[Data for this exercise]
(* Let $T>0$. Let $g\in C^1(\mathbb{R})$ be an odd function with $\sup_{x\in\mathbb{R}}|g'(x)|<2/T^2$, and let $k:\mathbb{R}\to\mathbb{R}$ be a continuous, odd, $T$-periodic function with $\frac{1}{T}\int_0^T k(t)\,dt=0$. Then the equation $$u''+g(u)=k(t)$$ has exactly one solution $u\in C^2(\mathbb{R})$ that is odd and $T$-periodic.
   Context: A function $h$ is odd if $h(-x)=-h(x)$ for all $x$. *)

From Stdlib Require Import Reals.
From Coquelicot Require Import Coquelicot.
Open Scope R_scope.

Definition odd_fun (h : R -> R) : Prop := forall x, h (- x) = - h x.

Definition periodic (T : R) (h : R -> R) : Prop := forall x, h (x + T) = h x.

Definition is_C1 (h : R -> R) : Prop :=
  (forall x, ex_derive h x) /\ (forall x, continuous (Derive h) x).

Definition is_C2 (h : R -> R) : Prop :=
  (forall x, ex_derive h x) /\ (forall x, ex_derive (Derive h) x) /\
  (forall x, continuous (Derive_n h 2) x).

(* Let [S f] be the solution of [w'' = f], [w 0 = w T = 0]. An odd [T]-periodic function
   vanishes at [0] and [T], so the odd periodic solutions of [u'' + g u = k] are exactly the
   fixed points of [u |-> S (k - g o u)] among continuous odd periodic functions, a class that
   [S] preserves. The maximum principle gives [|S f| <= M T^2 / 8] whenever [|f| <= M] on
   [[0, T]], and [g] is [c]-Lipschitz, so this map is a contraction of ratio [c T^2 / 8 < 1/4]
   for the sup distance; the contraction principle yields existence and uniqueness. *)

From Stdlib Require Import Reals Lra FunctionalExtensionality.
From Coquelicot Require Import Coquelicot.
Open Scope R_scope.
[/Data for this exercise]
▶ _Work to complete_
In the records above, locate each line with the word "that". Copy all such lines.

▶ _Task answer_
(* Let $T>0$. Let $g\in C^1(\mathbb{R})$ be an odd function with $\sup_{x\in\mathbb{R}}|g'(x)|<2/T^2$, and let $k:\mathbb{R}\to\mathbb{R}$ be a continuous, odd, $T$-periodic function with $\frac{1}{T}\int_0^T k(t)\,dt=0$. Then the equation $$u''+g(u)=k(t)$$ has exactly one solution $u\in C^2(\mathbb{R})$ that is odd and $T$-periodic.
   fixed points of [u |-> S (k - g o u)] among continuous odd periodic functions, a class that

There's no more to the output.